◆ Your objective
Within the records that follow, determine how many lines include the word "IcasE". State the number and nothing further.
───── Provided material ─────
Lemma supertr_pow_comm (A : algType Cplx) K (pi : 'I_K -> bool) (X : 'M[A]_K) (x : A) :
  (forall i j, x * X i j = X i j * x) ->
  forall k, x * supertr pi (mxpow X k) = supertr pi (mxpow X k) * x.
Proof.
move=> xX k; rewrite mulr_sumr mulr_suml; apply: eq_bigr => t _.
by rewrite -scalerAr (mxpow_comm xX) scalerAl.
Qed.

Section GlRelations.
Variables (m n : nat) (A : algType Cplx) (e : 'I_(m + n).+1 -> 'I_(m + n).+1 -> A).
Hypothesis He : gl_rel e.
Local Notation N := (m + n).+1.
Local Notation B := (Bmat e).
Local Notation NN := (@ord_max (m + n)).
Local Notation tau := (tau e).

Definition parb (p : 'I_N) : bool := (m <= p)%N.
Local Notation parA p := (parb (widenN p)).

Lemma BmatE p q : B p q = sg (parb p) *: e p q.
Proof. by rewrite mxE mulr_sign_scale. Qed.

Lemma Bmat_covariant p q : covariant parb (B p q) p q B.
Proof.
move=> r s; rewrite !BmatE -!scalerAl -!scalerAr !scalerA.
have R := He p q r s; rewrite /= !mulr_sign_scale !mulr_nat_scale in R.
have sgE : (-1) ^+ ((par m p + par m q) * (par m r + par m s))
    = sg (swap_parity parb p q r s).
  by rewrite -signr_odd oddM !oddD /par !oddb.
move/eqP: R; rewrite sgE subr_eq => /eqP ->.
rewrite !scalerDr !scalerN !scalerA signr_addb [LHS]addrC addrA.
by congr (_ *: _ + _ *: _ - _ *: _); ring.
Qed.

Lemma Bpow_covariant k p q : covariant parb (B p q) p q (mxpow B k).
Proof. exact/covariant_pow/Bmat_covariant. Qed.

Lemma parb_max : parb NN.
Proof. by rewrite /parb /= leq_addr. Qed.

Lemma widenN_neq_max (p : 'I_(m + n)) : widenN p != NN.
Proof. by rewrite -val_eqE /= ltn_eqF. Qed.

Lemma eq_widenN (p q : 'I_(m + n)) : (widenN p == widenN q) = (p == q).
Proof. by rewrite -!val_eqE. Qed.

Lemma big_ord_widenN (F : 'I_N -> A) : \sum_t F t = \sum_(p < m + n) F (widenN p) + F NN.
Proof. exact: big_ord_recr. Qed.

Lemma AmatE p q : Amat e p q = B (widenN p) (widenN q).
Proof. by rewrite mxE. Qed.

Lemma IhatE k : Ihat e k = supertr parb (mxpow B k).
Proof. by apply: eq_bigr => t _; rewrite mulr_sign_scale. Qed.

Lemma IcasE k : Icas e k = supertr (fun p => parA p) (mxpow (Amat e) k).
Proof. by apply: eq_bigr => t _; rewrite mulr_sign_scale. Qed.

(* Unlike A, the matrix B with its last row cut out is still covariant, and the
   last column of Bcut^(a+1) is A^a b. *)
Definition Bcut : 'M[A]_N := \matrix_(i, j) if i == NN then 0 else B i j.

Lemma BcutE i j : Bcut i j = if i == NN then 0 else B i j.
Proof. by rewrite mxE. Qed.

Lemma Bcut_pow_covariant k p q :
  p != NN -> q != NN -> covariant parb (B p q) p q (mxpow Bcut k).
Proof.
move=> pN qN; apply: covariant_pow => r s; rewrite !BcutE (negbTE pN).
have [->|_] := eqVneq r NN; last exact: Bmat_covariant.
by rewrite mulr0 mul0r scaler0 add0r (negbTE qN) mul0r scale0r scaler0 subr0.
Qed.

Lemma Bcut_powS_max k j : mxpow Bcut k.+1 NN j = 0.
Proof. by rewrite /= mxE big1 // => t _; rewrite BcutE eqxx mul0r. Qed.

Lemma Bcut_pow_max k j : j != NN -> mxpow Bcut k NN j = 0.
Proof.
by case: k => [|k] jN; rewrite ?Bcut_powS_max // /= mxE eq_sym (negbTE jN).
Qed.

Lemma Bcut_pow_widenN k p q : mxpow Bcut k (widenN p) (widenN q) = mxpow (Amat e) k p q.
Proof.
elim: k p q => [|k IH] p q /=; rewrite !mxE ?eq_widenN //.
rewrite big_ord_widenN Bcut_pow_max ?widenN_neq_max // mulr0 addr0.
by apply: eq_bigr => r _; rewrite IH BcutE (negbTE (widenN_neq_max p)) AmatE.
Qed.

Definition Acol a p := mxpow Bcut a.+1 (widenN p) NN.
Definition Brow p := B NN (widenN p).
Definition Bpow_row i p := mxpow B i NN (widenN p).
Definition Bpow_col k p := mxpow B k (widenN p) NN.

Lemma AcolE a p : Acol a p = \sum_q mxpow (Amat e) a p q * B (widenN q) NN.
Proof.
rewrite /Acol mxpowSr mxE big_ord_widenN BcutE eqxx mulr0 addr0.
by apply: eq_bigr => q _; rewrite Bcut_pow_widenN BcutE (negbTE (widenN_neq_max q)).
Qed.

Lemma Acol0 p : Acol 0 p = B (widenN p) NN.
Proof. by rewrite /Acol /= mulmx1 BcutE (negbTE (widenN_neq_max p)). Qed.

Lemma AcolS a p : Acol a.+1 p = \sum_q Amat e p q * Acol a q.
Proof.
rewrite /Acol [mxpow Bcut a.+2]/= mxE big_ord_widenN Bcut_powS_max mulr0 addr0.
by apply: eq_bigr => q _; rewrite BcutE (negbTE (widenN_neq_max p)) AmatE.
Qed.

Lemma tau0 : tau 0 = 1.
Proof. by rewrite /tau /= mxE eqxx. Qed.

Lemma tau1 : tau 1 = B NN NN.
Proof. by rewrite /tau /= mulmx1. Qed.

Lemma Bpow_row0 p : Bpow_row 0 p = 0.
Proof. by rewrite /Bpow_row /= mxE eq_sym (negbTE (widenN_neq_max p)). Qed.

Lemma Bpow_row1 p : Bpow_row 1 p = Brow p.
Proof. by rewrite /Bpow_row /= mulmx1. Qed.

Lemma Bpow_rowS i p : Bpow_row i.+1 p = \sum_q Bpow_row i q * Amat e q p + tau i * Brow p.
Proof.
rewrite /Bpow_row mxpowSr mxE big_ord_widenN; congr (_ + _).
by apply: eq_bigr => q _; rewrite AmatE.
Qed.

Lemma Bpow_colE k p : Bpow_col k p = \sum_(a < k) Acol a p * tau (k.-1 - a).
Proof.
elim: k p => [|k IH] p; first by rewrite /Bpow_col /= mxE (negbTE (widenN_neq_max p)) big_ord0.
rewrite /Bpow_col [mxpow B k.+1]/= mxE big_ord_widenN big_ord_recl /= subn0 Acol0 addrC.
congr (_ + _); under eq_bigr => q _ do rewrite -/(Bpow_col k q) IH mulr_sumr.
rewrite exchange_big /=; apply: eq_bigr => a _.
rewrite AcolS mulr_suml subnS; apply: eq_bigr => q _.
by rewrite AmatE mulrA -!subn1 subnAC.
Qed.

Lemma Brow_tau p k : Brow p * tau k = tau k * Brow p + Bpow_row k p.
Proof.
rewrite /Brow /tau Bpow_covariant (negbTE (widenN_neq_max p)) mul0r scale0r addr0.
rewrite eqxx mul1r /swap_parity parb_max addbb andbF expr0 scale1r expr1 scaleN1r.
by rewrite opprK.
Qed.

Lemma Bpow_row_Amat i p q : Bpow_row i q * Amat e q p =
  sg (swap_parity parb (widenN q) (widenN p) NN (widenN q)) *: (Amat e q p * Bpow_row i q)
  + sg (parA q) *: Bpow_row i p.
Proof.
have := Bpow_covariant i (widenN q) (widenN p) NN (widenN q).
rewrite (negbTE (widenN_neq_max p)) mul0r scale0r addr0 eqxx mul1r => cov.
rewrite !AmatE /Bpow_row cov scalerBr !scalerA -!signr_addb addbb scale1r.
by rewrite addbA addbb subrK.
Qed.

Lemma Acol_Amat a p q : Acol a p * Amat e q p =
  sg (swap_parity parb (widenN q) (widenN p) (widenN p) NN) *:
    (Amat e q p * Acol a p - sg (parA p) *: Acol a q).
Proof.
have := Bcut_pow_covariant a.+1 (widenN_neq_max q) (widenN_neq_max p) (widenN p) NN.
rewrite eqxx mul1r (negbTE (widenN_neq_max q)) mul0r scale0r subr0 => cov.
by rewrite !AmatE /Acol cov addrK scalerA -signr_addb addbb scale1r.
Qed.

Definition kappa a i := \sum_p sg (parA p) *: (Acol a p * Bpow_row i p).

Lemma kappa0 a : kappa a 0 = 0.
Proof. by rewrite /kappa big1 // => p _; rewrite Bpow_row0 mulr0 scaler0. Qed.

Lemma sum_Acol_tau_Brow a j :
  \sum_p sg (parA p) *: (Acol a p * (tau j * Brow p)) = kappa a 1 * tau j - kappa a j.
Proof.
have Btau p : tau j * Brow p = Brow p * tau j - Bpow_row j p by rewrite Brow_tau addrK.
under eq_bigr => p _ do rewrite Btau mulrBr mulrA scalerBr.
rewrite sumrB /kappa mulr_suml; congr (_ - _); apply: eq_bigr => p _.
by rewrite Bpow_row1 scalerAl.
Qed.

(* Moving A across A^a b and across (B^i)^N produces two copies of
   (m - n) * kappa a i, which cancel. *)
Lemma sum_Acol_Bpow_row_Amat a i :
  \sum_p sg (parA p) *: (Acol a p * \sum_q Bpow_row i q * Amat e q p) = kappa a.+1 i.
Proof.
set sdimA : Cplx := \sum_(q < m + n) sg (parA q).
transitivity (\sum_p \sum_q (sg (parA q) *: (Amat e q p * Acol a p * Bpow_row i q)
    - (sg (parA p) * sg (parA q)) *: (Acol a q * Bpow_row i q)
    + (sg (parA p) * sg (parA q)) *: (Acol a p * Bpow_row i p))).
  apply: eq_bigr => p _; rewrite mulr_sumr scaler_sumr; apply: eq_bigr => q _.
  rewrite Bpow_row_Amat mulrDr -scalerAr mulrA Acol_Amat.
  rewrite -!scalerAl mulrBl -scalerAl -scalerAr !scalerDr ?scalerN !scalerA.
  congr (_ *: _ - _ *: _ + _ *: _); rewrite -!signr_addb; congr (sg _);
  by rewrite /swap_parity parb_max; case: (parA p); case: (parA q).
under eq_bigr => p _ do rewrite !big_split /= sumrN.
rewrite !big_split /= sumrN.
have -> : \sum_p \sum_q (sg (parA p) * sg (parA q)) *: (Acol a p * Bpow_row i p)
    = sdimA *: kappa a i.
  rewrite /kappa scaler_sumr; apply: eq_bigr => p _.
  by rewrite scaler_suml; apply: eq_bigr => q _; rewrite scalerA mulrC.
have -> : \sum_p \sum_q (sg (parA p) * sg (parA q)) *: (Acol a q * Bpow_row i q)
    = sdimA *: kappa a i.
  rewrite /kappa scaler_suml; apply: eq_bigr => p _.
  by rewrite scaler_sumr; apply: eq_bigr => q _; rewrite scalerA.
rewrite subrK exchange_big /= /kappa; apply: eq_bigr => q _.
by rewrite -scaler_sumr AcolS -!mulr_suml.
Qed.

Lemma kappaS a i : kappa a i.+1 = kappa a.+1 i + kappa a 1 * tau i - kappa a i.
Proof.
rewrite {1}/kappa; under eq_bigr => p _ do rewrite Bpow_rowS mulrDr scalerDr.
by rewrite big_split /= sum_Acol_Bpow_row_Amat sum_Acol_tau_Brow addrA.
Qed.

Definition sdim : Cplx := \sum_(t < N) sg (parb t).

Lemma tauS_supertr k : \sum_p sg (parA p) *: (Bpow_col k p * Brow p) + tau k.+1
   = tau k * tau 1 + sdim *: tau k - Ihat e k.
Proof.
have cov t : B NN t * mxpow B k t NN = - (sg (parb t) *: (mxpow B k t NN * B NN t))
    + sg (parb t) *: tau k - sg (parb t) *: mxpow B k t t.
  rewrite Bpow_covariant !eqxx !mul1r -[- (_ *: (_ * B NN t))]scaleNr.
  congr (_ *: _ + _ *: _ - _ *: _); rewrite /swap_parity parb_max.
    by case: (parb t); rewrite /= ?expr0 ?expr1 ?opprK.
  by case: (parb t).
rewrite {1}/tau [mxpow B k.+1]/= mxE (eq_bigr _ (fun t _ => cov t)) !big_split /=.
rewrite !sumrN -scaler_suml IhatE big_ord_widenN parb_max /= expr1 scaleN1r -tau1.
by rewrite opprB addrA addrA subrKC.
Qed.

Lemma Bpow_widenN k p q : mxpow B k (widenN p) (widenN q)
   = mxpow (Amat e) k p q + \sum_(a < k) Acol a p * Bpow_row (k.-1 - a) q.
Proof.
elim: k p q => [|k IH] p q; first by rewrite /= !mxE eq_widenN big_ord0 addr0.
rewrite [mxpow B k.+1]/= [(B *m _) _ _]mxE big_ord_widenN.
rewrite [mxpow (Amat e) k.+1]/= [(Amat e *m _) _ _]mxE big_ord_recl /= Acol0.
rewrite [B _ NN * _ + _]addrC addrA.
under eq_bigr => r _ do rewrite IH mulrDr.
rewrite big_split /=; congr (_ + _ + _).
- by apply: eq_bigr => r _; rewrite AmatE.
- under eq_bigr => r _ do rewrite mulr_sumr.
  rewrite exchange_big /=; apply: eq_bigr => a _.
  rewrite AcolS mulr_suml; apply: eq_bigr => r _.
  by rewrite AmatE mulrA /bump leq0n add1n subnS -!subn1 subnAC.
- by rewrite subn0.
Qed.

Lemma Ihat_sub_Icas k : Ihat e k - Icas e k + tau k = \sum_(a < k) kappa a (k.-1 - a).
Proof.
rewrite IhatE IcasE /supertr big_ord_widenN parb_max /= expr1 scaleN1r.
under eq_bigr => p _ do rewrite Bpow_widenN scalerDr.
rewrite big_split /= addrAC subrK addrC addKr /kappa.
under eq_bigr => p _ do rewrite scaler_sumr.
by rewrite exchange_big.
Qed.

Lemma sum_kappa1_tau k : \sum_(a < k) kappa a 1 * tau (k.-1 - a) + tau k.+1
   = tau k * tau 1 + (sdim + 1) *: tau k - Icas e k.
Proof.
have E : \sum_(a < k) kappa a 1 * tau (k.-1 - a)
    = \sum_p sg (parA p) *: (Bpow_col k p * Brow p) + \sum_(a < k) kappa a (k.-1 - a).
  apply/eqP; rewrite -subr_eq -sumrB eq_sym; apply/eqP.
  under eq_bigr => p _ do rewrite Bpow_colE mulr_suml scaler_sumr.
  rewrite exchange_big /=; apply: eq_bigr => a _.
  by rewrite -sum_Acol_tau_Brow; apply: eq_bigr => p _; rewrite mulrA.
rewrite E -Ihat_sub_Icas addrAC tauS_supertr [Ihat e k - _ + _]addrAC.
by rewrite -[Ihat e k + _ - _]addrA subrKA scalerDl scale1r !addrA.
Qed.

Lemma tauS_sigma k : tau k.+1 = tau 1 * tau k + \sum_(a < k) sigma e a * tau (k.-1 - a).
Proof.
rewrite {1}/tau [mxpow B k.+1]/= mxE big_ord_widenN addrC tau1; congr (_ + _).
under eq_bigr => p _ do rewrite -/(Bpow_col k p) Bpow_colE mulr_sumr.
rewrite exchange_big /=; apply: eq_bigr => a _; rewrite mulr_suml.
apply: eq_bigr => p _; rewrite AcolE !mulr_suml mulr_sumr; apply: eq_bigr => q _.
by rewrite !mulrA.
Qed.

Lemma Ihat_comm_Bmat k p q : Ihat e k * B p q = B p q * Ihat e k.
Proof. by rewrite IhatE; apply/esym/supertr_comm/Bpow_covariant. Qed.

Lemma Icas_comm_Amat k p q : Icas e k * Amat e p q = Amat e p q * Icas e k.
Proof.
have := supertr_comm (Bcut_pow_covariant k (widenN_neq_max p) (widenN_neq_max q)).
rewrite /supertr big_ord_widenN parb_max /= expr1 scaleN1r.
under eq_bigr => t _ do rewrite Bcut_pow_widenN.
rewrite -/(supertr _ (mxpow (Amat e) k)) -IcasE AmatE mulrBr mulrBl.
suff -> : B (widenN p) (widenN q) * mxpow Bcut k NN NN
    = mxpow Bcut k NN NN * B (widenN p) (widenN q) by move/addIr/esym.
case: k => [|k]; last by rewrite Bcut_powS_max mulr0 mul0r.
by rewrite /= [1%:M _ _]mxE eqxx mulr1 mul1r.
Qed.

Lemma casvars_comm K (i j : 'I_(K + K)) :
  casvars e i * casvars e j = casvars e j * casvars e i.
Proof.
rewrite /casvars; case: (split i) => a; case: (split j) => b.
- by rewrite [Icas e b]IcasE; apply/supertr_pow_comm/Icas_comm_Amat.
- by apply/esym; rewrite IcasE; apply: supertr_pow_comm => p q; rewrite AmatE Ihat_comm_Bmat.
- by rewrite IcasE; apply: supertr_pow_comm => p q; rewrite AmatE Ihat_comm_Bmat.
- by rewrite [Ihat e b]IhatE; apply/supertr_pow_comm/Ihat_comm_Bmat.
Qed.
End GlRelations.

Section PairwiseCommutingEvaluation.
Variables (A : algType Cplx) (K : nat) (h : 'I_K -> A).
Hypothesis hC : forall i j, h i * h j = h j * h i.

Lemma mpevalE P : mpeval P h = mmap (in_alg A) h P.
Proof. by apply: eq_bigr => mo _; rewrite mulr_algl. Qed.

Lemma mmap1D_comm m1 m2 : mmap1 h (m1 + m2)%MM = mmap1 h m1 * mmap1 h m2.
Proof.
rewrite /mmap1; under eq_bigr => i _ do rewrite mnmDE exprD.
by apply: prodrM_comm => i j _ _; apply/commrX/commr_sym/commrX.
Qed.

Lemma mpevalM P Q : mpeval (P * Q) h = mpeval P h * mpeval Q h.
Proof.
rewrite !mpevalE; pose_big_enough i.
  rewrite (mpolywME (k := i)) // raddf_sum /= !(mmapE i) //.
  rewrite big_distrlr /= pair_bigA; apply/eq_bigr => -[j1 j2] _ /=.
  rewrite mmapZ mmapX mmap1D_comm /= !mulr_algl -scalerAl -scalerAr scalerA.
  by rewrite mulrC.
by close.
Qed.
─────
───── Provided material ─────
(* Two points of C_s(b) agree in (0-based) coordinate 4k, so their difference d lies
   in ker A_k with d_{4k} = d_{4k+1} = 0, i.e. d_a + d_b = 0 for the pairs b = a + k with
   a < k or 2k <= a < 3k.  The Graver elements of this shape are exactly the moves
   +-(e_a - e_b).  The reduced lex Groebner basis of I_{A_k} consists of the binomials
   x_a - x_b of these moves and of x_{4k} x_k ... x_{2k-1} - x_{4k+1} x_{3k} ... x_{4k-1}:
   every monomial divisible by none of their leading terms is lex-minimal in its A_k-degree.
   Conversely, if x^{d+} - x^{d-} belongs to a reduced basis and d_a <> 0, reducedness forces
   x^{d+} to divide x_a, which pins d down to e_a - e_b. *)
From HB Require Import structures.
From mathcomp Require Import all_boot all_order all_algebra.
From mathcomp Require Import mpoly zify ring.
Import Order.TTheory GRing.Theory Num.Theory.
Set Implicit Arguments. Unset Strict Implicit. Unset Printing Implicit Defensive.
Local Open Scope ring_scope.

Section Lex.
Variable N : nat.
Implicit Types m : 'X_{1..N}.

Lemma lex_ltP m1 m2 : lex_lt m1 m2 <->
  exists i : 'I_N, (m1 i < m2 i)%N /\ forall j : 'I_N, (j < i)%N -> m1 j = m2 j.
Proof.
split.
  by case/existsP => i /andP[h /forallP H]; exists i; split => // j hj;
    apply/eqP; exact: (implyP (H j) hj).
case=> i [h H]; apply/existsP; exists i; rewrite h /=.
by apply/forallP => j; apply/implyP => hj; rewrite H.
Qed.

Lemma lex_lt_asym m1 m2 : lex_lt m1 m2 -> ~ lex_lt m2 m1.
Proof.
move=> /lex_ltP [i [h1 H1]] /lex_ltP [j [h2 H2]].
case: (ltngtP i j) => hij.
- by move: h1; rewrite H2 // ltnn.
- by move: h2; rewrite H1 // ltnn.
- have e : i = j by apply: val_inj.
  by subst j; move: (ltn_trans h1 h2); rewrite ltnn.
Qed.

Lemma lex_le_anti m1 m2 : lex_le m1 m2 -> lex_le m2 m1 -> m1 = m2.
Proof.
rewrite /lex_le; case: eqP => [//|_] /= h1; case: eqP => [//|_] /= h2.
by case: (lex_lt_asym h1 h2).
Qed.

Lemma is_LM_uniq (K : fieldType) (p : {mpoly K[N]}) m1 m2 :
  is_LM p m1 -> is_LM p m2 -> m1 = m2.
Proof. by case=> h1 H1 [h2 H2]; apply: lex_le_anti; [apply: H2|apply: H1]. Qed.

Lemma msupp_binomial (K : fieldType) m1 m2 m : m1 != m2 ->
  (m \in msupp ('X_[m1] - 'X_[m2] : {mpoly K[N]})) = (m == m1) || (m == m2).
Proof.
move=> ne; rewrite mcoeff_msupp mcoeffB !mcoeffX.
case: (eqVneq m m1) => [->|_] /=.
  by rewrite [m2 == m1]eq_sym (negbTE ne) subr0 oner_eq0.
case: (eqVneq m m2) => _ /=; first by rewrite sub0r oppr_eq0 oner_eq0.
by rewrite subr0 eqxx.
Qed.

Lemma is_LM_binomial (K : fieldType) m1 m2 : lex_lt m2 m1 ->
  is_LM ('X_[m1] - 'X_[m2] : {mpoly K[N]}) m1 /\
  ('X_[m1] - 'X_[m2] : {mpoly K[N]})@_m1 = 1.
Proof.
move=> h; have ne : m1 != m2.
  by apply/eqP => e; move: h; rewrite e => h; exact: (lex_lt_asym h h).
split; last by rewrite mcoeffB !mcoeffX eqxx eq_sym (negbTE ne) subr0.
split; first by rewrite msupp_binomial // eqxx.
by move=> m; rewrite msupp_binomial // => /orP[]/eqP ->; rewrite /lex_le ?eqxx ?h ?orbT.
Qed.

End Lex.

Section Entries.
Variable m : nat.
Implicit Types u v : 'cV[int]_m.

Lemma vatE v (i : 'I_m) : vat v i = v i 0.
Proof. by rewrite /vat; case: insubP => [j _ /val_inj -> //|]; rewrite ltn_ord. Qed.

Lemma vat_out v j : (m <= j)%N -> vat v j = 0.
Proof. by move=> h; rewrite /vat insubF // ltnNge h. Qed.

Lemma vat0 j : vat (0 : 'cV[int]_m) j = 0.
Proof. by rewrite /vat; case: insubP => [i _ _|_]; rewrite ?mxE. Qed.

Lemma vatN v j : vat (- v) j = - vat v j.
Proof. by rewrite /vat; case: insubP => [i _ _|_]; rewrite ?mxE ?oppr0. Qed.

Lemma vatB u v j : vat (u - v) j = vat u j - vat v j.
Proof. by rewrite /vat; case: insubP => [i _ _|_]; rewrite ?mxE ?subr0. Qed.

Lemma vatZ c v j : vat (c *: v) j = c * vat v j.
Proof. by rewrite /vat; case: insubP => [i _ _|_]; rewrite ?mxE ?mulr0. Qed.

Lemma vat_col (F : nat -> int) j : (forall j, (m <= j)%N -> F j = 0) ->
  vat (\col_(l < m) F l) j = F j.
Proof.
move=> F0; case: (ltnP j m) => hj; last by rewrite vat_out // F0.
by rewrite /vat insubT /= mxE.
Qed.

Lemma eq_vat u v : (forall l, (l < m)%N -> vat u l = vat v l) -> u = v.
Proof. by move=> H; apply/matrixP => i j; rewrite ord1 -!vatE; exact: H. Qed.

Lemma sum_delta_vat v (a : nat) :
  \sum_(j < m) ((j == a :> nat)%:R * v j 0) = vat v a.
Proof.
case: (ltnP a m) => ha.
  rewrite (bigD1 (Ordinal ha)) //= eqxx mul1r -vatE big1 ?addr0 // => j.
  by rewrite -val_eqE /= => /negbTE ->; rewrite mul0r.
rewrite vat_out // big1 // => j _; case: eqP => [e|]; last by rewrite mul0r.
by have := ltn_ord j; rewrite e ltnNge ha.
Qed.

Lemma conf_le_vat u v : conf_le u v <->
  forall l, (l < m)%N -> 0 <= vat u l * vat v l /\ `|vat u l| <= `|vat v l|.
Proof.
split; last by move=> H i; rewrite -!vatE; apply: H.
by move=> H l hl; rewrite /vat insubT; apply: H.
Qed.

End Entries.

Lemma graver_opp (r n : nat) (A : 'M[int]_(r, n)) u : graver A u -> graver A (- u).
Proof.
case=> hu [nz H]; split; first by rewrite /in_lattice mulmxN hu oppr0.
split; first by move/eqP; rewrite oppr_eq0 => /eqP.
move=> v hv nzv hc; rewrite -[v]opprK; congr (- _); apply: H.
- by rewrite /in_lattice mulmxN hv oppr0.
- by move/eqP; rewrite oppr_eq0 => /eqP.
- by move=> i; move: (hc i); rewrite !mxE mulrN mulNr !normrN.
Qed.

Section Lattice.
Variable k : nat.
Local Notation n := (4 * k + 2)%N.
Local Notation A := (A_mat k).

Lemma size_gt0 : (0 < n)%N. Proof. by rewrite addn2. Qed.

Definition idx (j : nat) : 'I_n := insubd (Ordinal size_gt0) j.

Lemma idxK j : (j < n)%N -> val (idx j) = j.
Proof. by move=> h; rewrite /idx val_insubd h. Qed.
─────
◆ Answer box
6